● What is expected: Reproduce the lines of the listing exactly, beginning at the top, until the line with "Derive (fun tau => xlab1" has been reproduced too.

● Given data:

(* body-frame position obtained from the tangent angle th(s0,t):
   x~(s0,t) = int_0^s0 (1 + eta p(sg,t)) (cos th(sg,t), sin th(sg,t)) dsg *)
Definition xbody1 eta p (th : R -> R -> R) s0 t : R :=
  RInt (fun sg => stretch eta p sg t * cos (th sg t)) 0 s0.
Definition xbody2 eta p (th : R -> R -> R) s0 t : R :=
  RInt (fun sg => stretch eta p sg t * sin (th sg t)) 0 s0.

(* laboratory position x = X(t) + R_{Theta(t)} x~(s0,t) *)
Definition xlab1 (X1 Th : R -> R) eta p th s0 t : R :=
  X1 t + cos (Th t) * xbody1 eta p th s0 t - sin (Th t) * xbody2 eta p th s0 t.
Definition xlab2 (X2 Th : R -> R) eta p th s0 t : R :=
  X2 t + sin (Th t) * xbody1 eta p th s0 t + cos (Th t) * xbody2 eta p th s0 t.

Definition vel1 X1 Th eta p th s0 t : R :=
  Derive (fun tau => xlab1 X1 Th eta p th s0 tau) t.
Definition vel2 X2 Th eta p th s0 t : R :=
  Derive (fun tau => xlab2 X2 Th eta p th s0 tau) t.

Definition epar1 (Th : R -> R) (th : R -> R -> R) s0 t := cos (Th t + th s0 t).
Definition epar2 (Th : R -> R) (th : R -> R -> R) s0 t := sin (Th t + th s0 t).
Definition eperp1 (Th : R -> R) (th : R -> R -> R) s0 t := - sin (Th t + th s0 t).
Definition eperp2 (Th : R -> R) (th : R -> R -> R) s0 t := cos (Th t + th s0 t).

Definition rft1 Cpar Cperp X1 X2 Th eta p th s0 t : R :=
  let v1 := vel1 X1 Th eta p th s0 t in
  let v2 := vel2 X2 Th eta p th s0 t in
  let vpar := v1 * epar1 Th th s0 t + v2 * epar2 Th th s0 t in
  let vperp := v1 * eperp1 Th th s0 t + v2 * eperp2 Th th s0 t in
  - Cpar * vpar * epar1 Th th s0 t - Cperp * vperp * eperp1 Th th s0 t.
Definition rft2 Cpar Cperp X1 X2 Th eta p th s0 t : R :=
  let v1 := vel1 X1 Th eta p th s0 t in
  let v2 := vel2 X2 Th eta p th s0 t in
  let vpar := v1 * epar1 Th th s0 t + v2 * epar2 Th th s0 t in
  let vperp := v1 * eperp1 Th th s0 t + v2 * eperp2 Th th s0 t in
  - Cpar * vpar * epar2 Th th s0 t - Cperp * vperp * eperp2 Th th s0 t.

Definition rftb1 Cpar Cperp X1 X2 Th eta p th s0 t : R :=
  cos (Th t) * rft1 Cpar Cperp X1 X2 Th eta p th s0 t
  + sin (Th t) * rft2 Cpar Cperp X1 X2 Th eta p th s0 t.
Definition rftb2 Cpar Cperp X1 X2 Th eta p th s0 t : R :=
  - sin (Th t) * rft1 Cpar Cperp X1 X2 Th eta p th s0 t
  + cos (Th t) * rft2 Cpar Cperp X1 X2 Th eta p th s0 t.

(* ---------- dynamics: force-free and torque-free at every time ----------
   integrals over current arclength s in [0,L(t)] are written in the
   Lagrangian variable via ds = (1 + eta p) ds0. *)
Definition force_torque_free L0 eta p th Cpar Cperp X1 X2 Th : Prop :=
  forall t,
    RInt (fun s0 => rft1 Cpar Cperp X1 X2 Th eta p th s0 t * stretch eta p s0 t) 0 L0 = 0 /\
    RInt (fun s0 => rft2 Cpar Cperp X1 X2 Th eta p th s0 t * stretch eta p s0 t) 0 L0 = 0 /\
    RInt (fun s0 =>
            (xbody1 eta p th s0 t * rftb2 Cpar Cperp X1 X2 Th eta p th s0 t
             - xbody2 eta p th s0 t * rftb1 Cpar Cperp X1 X2 Th eta p th s0 t)
            * stretch eta p s0 t) 0 L0 = 0.

Definition Xbar1 L0 eta p th X1 Th (t : R) : R :=
  / curlen L0 eta p t *
  RInt (fun s0 => xlab1 X1 Th eta p th s0 t * stretch eta p s0 t) 0 L0.
Definition Xbar2 L0 eta p th X2 Th (t : R) : R :=
  / curlen L0 eta p t *
  RInt (fun s0 => xlab2 X2 Th eta p th s0 t * stretch eta p s0 t) 0 L0.

Definition admissible L0 eta (p th : R -> R -> R) Cpar Cperp (X1 X2 Th : R -> R) : Prop :=
  0 < L0 /\ 0 < Cpar /\ 0 < Cperp /\
  C1_2 p /\ C1_2 th /\
  differentiable X1 /\ differentiable X2 /\ differentiable Th /\
  (forall s0 t, 0 <= s0 <= L0 -> 0 < stretch eta p s0 t).

From Stdlib Require Import Reals Lra.
From Coquelicot Require Import Coquelicot.
Open Scope R_scope.

(* With isotropic drag the force density is -C times the Lagrangian velocity, since
   (e_par, e_perp) is an orthonormal frame. Under uniform stretching ds = lam(t) ds0 with lam
   independent of s0, so force balance reads int_0^L0 v ds0 = 0, while the centre of geometry
   is the plain Lagrangian mean (1/L0) int_0^L0 x ds0, whose time derivative is
   (1/L0) int_0^L0 v ds0 = 0. Differentiation under the integral sign is justified term by
   term: the rigid motion (X, Theta) is only differentiable, but the body-frame position is a
   primitive in s0 of a kernel that is C^1 in time, and its integral over [0, L0] is a single
   weighted integral by Cauchy's formula for repeated integration.
   With non-uniform stretching the arc-length weights no longer match the Lagrangian ones:
   a straight rod with p = (s0 - 1/2) sin t, whose body frame translates so as to balance
   the drag, has a centre of geometry moving with velocity cos t / 12. *)

Lemma continuity_2d_pt_swap (f : R -> R -> R) x y :
  continuity_2d_pt f x y -> continuity_2d_pt (fun u v => f v u) y x.
Proof.
  intros H eps. destruct (H eps) as [d Hd].
  exists d. intros u v Hu Hv. apply Hd; assumption.
Qed.

Lemma continuity_2d_pt_continuous_l (f : R -> R -> R) x y :
  continuity_2d_pt f x y -> continuous (fun u => f u y) x.
Proof.
  intros H. apply continuity_pt_filterlim, continuity_pt_locally. intros eps.
  destruct (H eps) as [d Hd]. exists d. intros u Hu. apply Hd; [exact Hu|].
  rewrite Rminus_eq_0, Rabs_R0. apply cond_pos.
Qed.

Definition time_C1 (g : R -> R -> R) : Prop :=
  forall s t,
    continuity_2d_pt g s t /\ ex_derive (fun w => g s w) t /\
    continuity_2d_pt (fun u v => Derive (fun w => g u w) v) s t.

Lemma C1_2_time_C1 (g : R -> R -> R) : C1_2 g -> time_C1 g.
Proof. intros H s t. destruct (H s t) as (_ & ? & ? & _ & ?). auto. Qed.

Lemma time_C1_static (w : R -> R) :
  (forall s, continuous w s) -> time_C1 (fun s _ => w s).
Proof.
  intros Hw s t. split; [|split].
  - apply (continuity_1d_2d_pt_comp w (fun u _ => u)).
    + apply continuity_pt_filterlim, Hw.
    + apply continuity_2d_pt_id1.
  - apply ex_derive_const.
  - eapply continuity_2d_pt_ext; [|apply continuity_2d_pt_const].
    intros u v. symmetry. apply Derive_const.
Qed.

Lemma time_C1_plus (f g : R -> R -> R) :
  time_C1 f -> time_C1 g -> time_C1 (fun s t => f s t + g s t).
Proof.
  intros Hf Hg s t.
  destruct (Hf s t) as (Cf & _ & _). destruct (Hg s t) as (Cg & _ & _).
  split; [|split].
  - now apply continuity_2d_pt_plus.
  - apply (ex_derive_plus (fun w => f s w) (fun w => g s w)); [apply (Hf s t) | apply (Hg s t)].
  - eapply continuity_2d_pt_ext.
    + intros u v. symmetry. apply Derive_plus; [apply (Hf u v) | apply (Hg u v)].
    + apply continuity_2d_pt_plus; [apply (Hf s t) | apply (Hg s t)].
Qed.

Lemma time_C1_mult (f g : R -> R -> R) :
  time_C1 f -> time_C1 g -> time_C1 (fun s t => f s t * g s t).
Proof.
  intros Hf Hg s t.
  destruct (Hf s t) as (Cf & _ & CDf). destruct (Hg s t) as (Cg & _ & CDg).
  split; [|split].
  - now apply continuity_2d_pt_mult.
  - apply (ex_derive_mult (fun w => f s w) (fun w => g s w)); [apply (Hf s t) | apply (Hg s t)].
  - eapply continuity_2d_pt_ext.
    + intros u v. symmetry. apply Derive_mult; [apply (Hf u v) | apply (Hg u v)].
    + apply continuity_2d_pt_plus; now apply continuity_2d_pt_mult.
Qed.

Lemma time_C1_comp (q dq : R -> R) (f : R -> R -> R) :
  (forall x, is_derive q x (dq x)) -> (forall x, continuity_pt dq x) ->
  time_C1 f -> time_C1 (fun s t => q (f s t)).
Proof.
  intros Hq Hdq Hf s t.
  assert (Cq : forall x, continuity_pt q x).
  { intros x. apply continuity_pt_filterlim, (ex_derive_continuous (V := R_NormedModule)).
    eexists. apply Hq. }
  assert (Dqf : forall u v, is_derive (fun w => q (f u w)) v
                              (Derive (fun w => f u w) v * dq (f u v))).
  { intros u v. apply (is_derive_comp q (fun w => f u w)); [apply Hq|].
    apply Derive_correct, (Hf u v). }
  destruct (Hf s t) as (Cf & _ & CDf).
  split; [|split].
  - now apply continuity_1d_2d_pt_comp.
  - eexists. apply Dqf.
  - eapply continuity_2d_pt_ext.
    + intros u v. symmetry. apply is_derive_unique, Dqf.
    + apply continuity_2d_pt_mult; [exact CDf|].
      now apply continuity_1d_2d_pt_comp.
Qed.

Lemma time_C1_cos (f : R -> R -> R) : time_C1 f -> time_C1 (fun s t => cos (f s t)).
Proof.
  apply (time_C1_comp cos (fun x => - sin x)).
  - intros x. auto_derive; [easy | ring].
  - intros x. apply continuity_pt_opp, continuity_sin.
Qed.

Lemma time_C1_sin (f : R -> R -> R) : time_C1 f -> time_C1 (fun s t => sin (f s t)).
Proof.
  apply (time_C1_comp sin cos).
  - intros x. auto_derive; [easy | ring].
  - apply continuity_cos.
Qed.

Lemma time_C1_stretch (eta : R) (p : R -> R -> R) : C1_2 p -> time_C1 (stretch eta p).
Proof.
  intros Hp. unfold stretch.
  apply time_C1_plus; [apply time_C1_static; intros; apply continuous_const|].
  apply time_C1_mult; [apply time_C1_static; intros; apply continuous_const|].
  now apply C1_2_time_C1.
Qed.

Lemma is_derive_RInt_time_C1 (g : R -> R -> R) (a b t : R) :
  time_C1 g ->
  is_derive (fun tau => RInt (fun s => g s tau) a b) t
            (RInt (fun s => Derive (fun w => g s w) t) a b).
Proof.
  intros Hg.
  apply (is_derive_RInt_param (fun tau s => g s tau)).
  - apply filter_forall. intros tau s _. apply (Hg s tau).
  - intros s _. apply continuity_2d_pt_swap, (Hg s t).
  - apply filter_forall. intros tau.
    apply (ex_RInt_continuous (V := R_CompleteNormedModule)). intros s _.
    apply (continuity_2d_pt_continuous_l g), (Hg s tau).
Qed.

Lemma is_derive_RInt_upper (h : R -> R) (a x : R) :
  (forall y, continuous h y) -> is_derive (fun s => RInt h a s) x (h x).
Proof.
  intros Hh. apply (is_derive_RInt h _ a x); [|apply Hh].
  apply filter_forall. intros s.
  apply (RInt_correct (V := R_CompleteNormedModule)), ex_RInt_continuous.
  intros; apply Hh.
Qed.

(* Cauchy's formula for repeated integration: [(s - b) * RInt h a s] is an antiderivative
   of [RInt h a s - (b - s) * h s]. *)
Lemma is_RInt_repeated (h : R -> R) (a b : R) :
  (forall y, continuous h y) ->
  is_RInt (fun s => RInt h a s) a b (RInt (fun s => (b - s) * h s) a b).
Proof.
  intros Hh.
  assert (Hw : forall y, continuous (fun s => (b - s) * h s) y).
  { intros y. apply (continuous_mult (fun s => b - s) h); [|apply Hh].
    apply (continuous_minus (fun _ => b) (fun s => s));
      [apply continuous_const | apply continuous_id]. }
  assert (Hprim : is_RInt (fun s => RInt h a s - (b - s) * h s) a b 0).
  { replace 0 with (minus ((b - b) * RInt h a b) ((a - b) * RInt h a a))
      by (rewrite RInt_point; unfold minus, plus, opp, zero; simpl; ring).
    apply (is_RInt_derive (fun s => (s - b) * RInt h a s)).
    - intros s _.
      replace (RInt h a s - (b - s) * h s) with (1 * RInt h a s + (s - b) * h s) by ring.
      apply (is_derive_mult (fun s => s - b) (fun s => RInt h a s));
        [auto_derive; auto; ring | apply is_derive_RInt_upper, Hh | apply Rmult_comm].
    - intros s _.
      apply (continuous_minus (fun s => RInt h a s) (fun s => (b - s) * h s)); [|apply Hw].
      apply (ex_derive_continuous (V := R_NormedModule)). eexists.
      apply is_derive_RInt_upper, Hh. }
  assert (Hweight := RInt_correct (V := R_CompleteNormedModule) _ a b
                       (ex_RInt_continuous (V := R_CompleteNormedModule) _ a b (fun y _ => Hw y))).
  replace (RInt (fun s => (b - s) * h s) a b)
    with (plus 0 (RInt (fun s => (b - s) * h s) a b)) by (unfold plus; simpl; ring).
  eapply is_RInt_ext; [|exact (is_RInt_plus _ _ _ _ _ _ Hprim Hweight)].
  intros s _. unfold plus; simpl; ring.
Qed.

Definition derive_RInt_commute (F : R -> R -> R) (a b t : R) : Prop :=
  (forall tau, ex_RInt (fun s => F s tau) a b) /\
  (forall s, ex_derive (fun tau => F s tau) t) /\
  exists D : R, is_RInt (fun s => Derive (fun tau => F s tau) t) a b D /\
                is_derive (fun tau => RInt (fun s => F s tau) a b) t D.

Lemma derive_RInt_commute_time (X : R -> R) (a b t : R) :
  ex_derive X t -> derive_RInt_commute (fun _ tau => X tau) a b t.
Proof.
  intros HX. split; [|split].
  - intros tau. apply ex_RInt_const.
  - intros _. exact HX.
  - exists ((b - a) * Derive X t). split.
    + apply (is_RInt_const (V := R_NormedModule)).
    + apply (is_derive_ext (fun tau => (b - a) * X tau)).
      * intros tau. symmetry. apply (RInt_const (V := R_CompleteNormedModule)).
      * apply is_derive_scal, Derive_correct, HX.
Qed.

Lemma derive_RInt_commute_plus (F G : R -> R -> R) (a b t : R) :
  derive_RInt_commute F a b t -> derive_RInt_commute G a b t ->
  derive_RInt_commute (fun s tau => F s tau + G s tau) a b t.
Proof.
  intros (IF & DF & dF & HdF & HF) (IG & DG & dG & HdG & HG). split; [|split].
  - intros tau. exact (ex_RInt_plus _ _ _ _ (IF tau) (IG tau)).
  - intros s. exact (ex_derive_plus _ _ _ (DF s) (DG s)).
  - exists (dF + dG). split.
    + eapply is_RInt_ext; [|exact (is_RInt_plus _ _ _ _ _ _ HdF HdG)].
      intros s _. symmetry. exact (Derive_plus _ _ _ (DF s) (DG s)).
    + eapply is_derive_ext; [|exact (is_derive_plus _ _ _ _ _ HF HG)].
      intros tau. symmetry. exact (RInt_plus _ _ _ _ (IF tau) (IG tau)).
Qed.

Lemma derive_RInt_commute_minus (F G : R -> R -> R) (a b t : R) :
  derive_RInt_commute F a b t -> derive_RInt_commute G a b t ->
  derive_RInt_commute (fun s tau => F s tau - G s tau) a b t.
Proof.
  intros (IF & DF & dF & HdF & HF) (IG & DG & dG & HdG & HG). split; [|split].
  - intros tau. exact (ex_RInt_minus _ _ _ _ (IF tau) (IG tau)).
  - intros s. exact (ex_derive_minus _ _ _ (DF s) (DG s)).
  - exists (dF - dG). split.
    + eapply is_RInt_ext; [|exact (is_RInt_minus _ _ _ _ _ _ HdF HdG)].
      intros s _. symmetry. exact (Derive_minus _ _ _ (DF s) (DG s)).
    + eapply is_derive_ext; [|exact (is_derive_minus _ _ _ _ _ HF HG)].
      intros tau. symmetry. exact (RInt_minus _ _ _ _ (IF tau) (IG tau)).
Qed.
Lemma Re_kalton_peck_sub_linear_sign_vec (L : seqC -> seqC) n eps k :
  linear_on_l2 L -> (forall i, eps i = 1 \/ eps i = -1) -> (k < n)%nat ->
  Re (ssub (kalton_peck (sign_vec n eps)) (L (sign_vec n eps)) k) =
  - / sqrt (INR n) *
    fsum (fun i => eps i * ((if Nat.eqb i k then 2 * ln (INR n) else 0) + Re (L (unit_vec i) k))) n.
Proof.
  intros HL Heps Hk. set (s := / sqrt (INR n)).
  unfold ssub, Cminus.
  rewrite (kalton_peck_sign_vec n eps k Heps).
  replace (sign_vec n eps k) with (RtoC (eps k / sqrt (INR n)))
    by (unfold sign_vec; destruct (Nat.ltb_spec k n); [reflexivity|lia]).
  rewrite re_plus, <- RtoC_mult, re_RtoC.
  change (Re (- L (sign_vec n eps) k)%C) with (- Re (L (sign_vec n eps) k)).
  unfold sign_vec. rewrite (Re_linear_real_comb L (fun i => eps i / sqrt (INR n)) n k HL).
  rewrite (fsum_ext _ (fun i => s * (eps i * Re (L (unit_vec i) k))))
    by (intros; unfold s, Rdiv; ring).
  rewrite (fsum_ext (fun i => eps i * ((if Nat.eqb i k then _ else 0) + _))
             (fun i => (if Nat.eqb i k then eps i * (2 * ln (INR n)) else 0)
                       + eps i * Re (L (unit_vec i) k)))
    by (intros i _; destruct (Nat.eqb i k); ring).
  rewrite fsum_plus, fsum_kronecker, fsum_scal_l by exact Hk.
  unfold s, Rdiv. ring.
Qed.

● Result for this task:
(* body-frame position obtained from the tangent angle th(s0,t):
   x~(s0,t) = int_0^s0 (1 + eta p(sg,t)) (cos th(sg,t), sin th(sg,t)) dsg *)
Definition xbody1 eta p (th : R -> R -> R) s0 t : R :=
  RInt (fun sg => stretch eta p sg t * cos (th sg t)) 0 s0.
Definition xbody2 eta p (th : R -> R -> R) s0 t : R :=
  RInt (fun sg => stretch eta p sg t * sin (th sg t)) 0 s0.

(* laboratory position x = X(t) + R_{Theta(t)} x~(s0,t) *)
Definition xlab1 (X1 Th : R -> R) eta p th s0 t : R :=
  X1 t + cos (Th t) * xbody1 eta p th s0 t - sin (Th t) * xbody2 eta p th s0 t.
Definition xlab2 (X2 Th : R -> R) eta p th s0 t : R :=
  X2 t + sin (Th t) * xbody1 eta p th s0 t + cos (Th t) * xbody2 eta p th s0 t.

Definition vel1 X1 Th eta p th s0 t : R :=
  Derive (fun tau => xlab1 X1 Th eta p th s0 tau) t.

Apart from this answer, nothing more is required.